*THE TASK*
Within the entries below, the lines from the one with "End SphereSwap." through the one with "move=> r r_gt0" are to be set down exactly, both ends kept.
[STUDY MATERIAL — start]
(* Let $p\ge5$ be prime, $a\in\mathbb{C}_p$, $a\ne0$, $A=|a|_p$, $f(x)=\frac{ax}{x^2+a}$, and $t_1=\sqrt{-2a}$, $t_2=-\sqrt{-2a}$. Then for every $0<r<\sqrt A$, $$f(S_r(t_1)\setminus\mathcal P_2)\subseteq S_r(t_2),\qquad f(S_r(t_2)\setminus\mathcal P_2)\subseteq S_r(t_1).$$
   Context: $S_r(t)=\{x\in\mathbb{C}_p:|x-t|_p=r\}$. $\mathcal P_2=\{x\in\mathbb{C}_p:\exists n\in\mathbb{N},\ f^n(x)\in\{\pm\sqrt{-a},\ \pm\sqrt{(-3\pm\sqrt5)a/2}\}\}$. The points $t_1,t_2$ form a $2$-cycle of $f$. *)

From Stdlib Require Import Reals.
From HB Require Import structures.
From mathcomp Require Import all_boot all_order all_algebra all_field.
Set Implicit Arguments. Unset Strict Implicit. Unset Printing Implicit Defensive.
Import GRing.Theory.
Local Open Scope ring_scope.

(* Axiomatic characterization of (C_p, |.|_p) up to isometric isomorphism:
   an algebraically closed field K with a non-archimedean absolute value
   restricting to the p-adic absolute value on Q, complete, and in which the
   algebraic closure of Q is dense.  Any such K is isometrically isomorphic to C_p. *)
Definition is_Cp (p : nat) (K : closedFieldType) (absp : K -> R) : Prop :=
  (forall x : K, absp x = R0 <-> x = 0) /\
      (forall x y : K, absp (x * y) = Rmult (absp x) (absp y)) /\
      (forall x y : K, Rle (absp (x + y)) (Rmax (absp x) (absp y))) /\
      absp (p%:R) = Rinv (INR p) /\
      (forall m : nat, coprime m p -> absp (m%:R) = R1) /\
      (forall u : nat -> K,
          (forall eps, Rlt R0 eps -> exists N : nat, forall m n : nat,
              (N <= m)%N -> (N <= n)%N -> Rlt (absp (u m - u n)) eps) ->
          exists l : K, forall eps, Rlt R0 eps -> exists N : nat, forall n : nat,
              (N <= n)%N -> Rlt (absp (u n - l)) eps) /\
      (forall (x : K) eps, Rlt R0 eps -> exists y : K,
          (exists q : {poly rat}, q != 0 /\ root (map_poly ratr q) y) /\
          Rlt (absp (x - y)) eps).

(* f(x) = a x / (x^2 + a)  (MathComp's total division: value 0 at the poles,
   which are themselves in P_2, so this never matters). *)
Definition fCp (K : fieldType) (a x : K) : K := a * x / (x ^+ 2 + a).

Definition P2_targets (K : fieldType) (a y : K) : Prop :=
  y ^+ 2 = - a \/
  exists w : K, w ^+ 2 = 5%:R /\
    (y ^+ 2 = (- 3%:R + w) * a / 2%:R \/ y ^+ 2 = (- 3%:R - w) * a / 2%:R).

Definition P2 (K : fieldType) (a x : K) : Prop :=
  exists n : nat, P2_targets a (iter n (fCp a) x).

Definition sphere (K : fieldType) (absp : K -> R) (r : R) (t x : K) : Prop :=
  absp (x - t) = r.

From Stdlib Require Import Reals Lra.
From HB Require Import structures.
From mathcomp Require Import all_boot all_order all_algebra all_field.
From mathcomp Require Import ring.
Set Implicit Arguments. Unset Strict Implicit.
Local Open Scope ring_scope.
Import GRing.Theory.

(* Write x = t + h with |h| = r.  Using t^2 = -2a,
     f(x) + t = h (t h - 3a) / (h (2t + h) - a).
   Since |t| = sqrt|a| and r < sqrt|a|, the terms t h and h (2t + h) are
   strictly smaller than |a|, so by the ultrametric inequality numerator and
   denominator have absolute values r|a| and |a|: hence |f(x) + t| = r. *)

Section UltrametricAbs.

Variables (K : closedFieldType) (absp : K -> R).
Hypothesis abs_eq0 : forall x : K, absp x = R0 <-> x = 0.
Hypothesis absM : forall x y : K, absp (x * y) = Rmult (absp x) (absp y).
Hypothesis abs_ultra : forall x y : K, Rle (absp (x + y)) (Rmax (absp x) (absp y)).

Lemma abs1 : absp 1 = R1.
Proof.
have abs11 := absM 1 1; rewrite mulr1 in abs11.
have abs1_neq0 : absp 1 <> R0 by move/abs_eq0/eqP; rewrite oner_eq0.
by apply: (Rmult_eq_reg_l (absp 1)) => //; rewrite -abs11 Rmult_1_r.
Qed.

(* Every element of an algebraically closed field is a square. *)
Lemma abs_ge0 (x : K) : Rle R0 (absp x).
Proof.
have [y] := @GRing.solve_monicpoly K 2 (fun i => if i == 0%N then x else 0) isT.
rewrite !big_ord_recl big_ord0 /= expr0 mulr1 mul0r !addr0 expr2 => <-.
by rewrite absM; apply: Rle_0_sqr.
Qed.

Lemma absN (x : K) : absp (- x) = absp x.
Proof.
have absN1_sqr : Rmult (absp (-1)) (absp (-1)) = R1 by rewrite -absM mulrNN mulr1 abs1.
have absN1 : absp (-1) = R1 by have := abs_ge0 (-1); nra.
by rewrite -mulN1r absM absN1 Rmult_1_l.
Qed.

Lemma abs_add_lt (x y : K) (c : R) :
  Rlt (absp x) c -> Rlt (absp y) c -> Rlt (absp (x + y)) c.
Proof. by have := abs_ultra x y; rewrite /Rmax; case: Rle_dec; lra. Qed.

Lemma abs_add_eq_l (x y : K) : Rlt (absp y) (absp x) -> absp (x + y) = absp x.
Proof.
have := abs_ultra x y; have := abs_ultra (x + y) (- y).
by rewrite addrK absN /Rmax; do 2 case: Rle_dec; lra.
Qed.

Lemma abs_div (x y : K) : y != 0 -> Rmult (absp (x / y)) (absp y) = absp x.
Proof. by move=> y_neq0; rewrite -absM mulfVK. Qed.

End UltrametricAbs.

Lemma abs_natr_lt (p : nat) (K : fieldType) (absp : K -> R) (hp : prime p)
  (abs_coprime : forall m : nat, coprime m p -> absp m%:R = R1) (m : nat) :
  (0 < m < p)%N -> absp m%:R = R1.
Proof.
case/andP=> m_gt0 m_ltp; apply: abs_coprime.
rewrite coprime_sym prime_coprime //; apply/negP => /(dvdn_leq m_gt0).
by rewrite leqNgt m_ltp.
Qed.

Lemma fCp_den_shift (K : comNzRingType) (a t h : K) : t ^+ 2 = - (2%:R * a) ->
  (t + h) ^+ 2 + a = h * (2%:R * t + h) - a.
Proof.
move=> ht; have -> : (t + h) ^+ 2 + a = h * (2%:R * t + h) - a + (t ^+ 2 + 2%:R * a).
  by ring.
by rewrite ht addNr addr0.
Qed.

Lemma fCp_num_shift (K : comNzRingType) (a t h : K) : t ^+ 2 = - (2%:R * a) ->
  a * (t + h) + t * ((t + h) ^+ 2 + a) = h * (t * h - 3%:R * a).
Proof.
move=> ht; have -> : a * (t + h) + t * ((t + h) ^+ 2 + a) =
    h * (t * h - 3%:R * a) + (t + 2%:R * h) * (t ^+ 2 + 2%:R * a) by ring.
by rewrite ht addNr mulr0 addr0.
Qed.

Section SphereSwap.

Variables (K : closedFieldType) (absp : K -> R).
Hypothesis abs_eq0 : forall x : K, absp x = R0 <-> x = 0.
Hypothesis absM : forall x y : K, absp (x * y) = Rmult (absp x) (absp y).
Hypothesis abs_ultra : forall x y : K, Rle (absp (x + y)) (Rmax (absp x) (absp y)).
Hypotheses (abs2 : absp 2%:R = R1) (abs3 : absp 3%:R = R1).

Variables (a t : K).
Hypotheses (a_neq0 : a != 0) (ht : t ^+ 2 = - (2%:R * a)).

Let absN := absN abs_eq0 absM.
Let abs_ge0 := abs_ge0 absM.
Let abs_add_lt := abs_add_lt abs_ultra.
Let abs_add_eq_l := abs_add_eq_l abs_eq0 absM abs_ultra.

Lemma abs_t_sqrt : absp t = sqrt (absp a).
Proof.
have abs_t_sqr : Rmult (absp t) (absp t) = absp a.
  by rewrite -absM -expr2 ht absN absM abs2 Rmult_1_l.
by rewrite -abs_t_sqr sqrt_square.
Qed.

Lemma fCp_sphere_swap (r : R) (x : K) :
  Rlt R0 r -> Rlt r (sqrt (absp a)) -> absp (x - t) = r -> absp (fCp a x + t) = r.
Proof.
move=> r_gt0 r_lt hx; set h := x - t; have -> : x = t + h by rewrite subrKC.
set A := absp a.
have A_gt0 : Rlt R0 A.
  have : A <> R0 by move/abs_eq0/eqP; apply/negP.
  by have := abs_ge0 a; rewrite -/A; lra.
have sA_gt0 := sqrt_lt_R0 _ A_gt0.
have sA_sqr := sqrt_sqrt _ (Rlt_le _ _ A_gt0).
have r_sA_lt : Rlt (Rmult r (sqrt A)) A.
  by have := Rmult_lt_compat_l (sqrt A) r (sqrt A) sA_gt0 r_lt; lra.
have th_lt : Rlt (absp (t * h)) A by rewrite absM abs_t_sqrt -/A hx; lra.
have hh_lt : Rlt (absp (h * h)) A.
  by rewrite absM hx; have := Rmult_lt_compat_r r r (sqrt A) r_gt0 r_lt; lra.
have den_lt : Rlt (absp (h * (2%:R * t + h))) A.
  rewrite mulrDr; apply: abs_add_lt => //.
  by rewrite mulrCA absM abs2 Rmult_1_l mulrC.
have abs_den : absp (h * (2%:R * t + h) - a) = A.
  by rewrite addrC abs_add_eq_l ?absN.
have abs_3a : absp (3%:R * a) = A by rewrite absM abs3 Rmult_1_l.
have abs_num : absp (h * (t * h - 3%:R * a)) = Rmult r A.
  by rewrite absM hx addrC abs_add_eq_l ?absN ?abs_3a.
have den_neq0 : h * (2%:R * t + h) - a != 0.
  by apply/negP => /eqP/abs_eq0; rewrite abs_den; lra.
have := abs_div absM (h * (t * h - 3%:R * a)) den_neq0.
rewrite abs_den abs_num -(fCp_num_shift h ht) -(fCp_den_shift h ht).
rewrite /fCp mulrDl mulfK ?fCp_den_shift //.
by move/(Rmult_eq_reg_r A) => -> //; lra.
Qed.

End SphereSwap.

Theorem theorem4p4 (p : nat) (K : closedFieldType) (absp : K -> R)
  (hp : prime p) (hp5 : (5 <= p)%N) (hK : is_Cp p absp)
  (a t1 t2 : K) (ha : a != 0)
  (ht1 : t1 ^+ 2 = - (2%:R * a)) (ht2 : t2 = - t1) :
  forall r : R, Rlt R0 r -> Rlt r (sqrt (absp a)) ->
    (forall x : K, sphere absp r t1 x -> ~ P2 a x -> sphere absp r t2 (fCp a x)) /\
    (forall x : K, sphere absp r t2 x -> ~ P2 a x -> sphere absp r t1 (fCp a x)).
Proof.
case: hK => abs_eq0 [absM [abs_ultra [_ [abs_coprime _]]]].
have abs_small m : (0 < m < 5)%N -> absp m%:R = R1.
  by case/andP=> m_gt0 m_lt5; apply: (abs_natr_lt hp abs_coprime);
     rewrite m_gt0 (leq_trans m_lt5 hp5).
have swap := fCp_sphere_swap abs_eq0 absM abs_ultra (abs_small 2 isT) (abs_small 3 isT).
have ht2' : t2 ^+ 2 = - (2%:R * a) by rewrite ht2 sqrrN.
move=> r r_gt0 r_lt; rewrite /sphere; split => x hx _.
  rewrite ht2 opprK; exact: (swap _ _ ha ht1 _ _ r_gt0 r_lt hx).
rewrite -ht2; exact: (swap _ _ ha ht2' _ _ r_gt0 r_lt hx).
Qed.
[STUDY MATERIAL — finish]
*THE ANSWER*
End SphereSwap.

Theorem theorem4p4 (p : nat) (K : closedFieldType) (absp : K -> R)
  (hp : prime p) (hp5 : (5 <= p)%N) (hK : is_Cp p absp)
  (a t1 t2 : K) (ha : a != 0)
  (ht1 : t1 ^+ 2 = - (2%:R * a)) (ht2 : t2 = - t1) :
  forall r : R, Rlt R0 r -> Rlt r (sqrt (absp a)) ->
    (forall x : K, sphere absp r t1 x -> ~ P2 a x -> sphere absp r t2 (fCp a x)) /\
    (forall x : K, sphere absp r t2 x -> ~ P2 a x -> sphere absp r t1 (fCp a x)).
Proof.
case: hK => abs_eq0 [absM [abs_ultra [_ [abs_coprime _]]]].
have abs_small m : (0 < m < 5)%N -> absp m%:R = R1.
  by case/andP=> m_gt0 m_lt5; apply: (abs_natr_lt hp abs_coprime);
     rewrite m_gt0 (leq_trans m_lt5 hp5).
have swap := fCp_sphere_swap abs_eq0 absM abs_ultra (abs_small 2 isT) (abs_small 3 isT).
have ht2' : t2 ^+ 2 = - (2%:R * a) by rewrite ht2 sqrrN.
move=> r r_gt0 r_lt; rewrite /sphere; split => x hx _.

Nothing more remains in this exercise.